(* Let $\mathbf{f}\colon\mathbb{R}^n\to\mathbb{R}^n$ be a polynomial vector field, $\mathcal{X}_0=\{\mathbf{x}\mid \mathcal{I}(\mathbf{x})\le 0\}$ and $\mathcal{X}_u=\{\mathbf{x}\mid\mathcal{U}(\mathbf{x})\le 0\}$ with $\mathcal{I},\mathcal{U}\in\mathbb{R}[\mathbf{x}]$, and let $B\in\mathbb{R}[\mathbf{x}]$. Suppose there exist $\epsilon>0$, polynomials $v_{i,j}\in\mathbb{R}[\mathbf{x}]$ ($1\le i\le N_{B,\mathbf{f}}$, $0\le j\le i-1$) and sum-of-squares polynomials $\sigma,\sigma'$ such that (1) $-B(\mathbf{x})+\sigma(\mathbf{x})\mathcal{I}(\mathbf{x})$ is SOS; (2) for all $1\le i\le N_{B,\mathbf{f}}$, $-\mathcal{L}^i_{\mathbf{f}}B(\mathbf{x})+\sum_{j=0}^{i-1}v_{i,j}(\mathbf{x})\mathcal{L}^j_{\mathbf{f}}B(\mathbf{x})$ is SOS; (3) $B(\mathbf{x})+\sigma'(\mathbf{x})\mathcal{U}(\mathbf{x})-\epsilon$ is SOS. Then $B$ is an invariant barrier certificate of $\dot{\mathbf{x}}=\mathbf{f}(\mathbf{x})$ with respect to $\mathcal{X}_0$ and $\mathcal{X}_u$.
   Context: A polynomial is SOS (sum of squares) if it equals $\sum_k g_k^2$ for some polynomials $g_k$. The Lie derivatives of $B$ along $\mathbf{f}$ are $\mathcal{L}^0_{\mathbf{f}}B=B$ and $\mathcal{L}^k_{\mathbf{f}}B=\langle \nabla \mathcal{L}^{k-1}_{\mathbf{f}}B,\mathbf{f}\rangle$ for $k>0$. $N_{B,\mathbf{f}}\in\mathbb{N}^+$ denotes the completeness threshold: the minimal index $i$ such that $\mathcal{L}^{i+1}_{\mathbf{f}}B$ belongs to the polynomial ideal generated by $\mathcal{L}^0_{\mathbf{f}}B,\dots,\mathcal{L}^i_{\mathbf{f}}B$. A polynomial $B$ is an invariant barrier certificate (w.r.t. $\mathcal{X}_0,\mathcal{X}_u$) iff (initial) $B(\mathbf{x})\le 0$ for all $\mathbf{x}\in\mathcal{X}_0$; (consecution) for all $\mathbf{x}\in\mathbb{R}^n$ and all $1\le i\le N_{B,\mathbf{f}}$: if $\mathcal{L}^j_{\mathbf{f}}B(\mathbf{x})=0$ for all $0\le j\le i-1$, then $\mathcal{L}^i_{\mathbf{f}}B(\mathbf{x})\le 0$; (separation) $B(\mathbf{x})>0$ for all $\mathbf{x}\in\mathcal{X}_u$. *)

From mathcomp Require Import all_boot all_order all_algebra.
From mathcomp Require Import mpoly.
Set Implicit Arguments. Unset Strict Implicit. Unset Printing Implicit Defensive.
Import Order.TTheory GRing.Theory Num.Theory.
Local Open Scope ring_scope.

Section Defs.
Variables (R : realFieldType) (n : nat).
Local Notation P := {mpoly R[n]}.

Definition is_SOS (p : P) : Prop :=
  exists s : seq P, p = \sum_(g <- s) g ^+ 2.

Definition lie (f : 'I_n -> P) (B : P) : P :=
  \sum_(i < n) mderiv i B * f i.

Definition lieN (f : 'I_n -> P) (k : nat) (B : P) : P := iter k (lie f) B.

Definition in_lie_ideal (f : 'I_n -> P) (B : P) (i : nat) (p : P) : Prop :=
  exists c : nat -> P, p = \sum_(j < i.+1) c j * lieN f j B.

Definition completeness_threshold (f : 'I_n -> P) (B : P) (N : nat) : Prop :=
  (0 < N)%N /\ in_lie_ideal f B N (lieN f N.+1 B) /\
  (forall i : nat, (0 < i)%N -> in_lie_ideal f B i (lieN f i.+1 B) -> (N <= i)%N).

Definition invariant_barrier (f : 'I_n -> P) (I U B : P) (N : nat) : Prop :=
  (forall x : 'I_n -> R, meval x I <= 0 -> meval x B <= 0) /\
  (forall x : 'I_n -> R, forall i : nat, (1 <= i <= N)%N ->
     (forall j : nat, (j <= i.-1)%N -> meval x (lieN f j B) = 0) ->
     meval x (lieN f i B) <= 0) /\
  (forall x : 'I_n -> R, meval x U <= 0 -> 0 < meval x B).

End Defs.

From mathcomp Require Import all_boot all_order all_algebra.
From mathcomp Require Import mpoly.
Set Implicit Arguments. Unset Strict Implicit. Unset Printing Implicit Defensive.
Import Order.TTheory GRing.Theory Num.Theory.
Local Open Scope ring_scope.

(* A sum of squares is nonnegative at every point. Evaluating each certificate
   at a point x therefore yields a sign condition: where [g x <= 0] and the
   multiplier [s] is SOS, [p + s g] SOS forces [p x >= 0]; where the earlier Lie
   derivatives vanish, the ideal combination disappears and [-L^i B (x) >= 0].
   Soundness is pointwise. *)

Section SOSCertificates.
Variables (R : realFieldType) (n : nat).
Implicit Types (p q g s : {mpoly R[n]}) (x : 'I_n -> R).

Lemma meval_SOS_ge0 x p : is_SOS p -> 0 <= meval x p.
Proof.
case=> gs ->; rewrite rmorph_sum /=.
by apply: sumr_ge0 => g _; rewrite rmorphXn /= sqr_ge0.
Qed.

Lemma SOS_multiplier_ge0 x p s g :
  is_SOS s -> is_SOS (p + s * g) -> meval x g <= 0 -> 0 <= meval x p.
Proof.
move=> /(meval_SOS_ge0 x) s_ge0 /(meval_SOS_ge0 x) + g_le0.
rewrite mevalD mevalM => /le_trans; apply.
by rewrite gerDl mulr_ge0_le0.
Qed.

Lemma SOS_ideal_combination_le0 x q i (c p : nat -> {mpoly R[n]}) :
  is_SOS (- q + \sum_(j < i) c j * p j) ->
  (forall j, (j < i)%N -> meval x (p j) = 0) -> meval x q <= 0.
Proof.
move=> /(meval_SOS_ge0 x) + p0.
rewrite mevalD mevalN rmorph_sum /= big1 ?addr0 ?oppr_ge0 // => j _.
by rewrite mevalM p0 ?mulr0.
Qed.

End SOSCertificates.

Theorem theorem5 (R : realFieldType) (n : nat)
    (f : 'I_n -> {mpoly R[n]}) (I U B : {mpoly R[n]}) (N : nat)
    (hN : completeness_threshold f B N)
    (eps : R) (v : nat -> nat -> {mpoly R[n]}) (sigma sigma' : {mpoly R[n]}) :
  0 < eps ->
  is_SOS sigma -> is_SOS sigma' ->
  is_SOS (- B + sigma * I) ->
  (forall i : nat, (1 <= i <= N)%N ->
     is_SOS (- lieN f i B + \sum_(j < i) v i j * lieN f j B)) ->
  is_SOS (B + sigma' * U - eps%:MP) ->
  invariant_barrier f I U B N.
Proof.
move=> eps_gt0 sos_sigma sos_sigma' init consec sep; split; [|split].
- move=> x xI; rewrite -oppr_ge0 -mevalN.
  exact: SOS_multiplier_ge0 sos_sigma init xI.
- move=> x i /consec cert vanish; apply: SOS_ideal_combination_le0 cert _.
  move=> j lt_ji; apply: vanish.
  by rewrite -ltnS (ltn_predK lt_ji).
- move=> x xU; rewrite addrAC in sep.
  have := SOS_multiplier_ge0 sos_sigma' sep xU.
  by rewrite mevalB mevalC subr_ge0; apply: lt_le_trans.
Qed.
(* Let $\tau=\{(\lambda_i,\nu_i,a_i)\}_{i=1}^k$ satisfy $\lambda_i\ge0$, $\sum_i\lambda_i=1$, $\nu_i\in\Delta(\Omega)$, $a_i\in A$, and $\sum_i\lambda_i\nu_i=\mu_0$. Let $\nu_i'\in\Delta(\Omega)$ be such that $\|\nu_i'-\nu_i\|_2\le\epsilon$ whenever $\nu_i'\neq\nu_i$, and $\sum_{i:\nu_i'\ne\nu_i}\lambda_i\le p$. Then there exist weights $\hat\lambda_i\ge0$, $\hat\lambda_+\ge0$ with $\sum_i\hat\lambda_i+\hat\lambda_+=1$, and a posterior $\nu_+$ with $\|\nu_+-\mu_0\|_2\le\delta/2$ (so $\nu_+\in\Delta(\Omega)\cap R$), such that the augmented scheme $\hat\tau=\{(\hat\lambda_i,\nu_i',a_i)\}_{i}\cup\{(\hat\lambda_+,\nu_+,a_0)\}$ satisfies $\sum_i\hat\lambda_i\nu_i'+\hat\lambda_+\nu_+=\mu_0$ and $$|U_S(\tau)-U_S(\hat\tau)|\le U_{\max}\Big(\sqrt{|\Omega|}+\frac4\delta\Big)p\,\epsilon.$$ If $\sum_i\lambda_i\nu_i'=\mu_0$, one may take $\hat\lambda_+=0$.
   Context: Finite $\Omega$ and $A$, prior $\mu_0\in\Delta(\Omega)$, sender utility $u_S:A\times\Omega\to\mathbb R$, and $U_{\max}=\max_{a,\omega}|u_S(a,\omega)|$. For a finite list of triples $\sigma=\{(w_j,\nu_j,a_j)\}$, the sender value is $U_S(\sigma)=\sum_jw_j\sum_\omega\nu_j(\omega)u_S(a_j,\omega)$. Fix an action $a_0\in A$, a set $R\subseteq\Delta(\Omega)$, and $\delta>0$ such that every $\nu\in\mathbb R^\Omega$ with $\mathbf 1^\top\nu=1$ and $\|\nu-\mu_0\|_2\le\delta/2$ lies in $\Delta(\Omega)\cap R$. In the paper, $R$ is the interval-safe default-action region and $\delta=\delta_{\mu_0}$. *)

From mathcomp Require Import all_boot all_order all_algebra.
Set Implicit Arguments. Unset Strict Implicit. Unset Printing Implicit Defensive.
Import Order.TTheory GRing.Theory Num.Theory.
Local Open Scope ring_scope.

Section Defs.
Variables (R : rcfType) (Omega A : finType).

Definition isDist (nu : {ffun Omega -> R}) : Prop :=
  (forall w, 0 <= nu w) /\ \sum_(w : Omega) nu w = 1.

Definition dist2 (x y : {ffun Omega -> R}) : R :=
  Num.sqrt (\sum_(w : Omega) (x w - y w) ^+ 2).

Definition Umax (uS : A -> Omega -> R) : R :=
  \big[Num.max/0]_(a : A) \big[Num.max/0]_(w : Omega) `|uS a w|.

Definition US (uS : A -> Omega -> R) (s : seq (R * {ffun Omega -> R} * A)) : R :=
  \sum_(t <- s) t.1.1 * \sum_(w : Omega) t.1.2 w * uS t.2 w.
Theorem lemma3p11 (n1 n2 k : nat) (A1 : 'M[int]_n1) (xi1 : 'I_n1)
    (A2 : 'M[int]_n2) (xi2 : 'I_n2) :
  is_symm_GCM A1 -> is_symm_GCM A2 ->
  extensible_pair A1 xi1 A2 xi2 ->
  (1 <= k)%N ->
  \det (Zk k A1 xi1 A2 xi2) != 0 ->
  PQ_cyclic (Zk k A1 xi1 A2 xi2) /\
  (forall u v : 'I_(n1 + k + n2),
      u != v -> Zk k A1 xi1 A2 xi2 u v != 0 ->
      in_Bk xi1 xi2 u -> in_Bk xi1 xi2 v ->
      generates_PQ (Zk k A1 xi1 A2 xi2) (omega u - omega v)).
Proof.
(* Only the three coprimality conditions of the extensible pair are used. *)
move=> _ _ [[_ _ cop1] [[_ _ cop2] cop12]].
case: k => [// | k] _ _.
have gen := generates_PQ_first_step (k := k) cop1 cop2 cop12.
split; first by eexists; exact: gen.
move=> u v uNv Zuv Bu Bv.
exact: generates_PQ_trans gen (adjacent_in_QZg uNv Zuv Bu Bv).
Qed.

□ □ □

● **AIM OF THE TASK**: No line should appear in the answer except those from the one containing "have gen := generates_PQ_first_step" through the last line of the listing, each retyped exactly.

● **ANSWER SECTION**:
have gen := generates_PQ_first_step (k := k) cop1 cop2 cop12.
split; first by eexists; exact: gen.
move=> u v uNv Zuv Bu Bv.
exact: generates_PQ_trans gen (adjacent_in_QZg uNv Zuv Bu Bv).
Qed.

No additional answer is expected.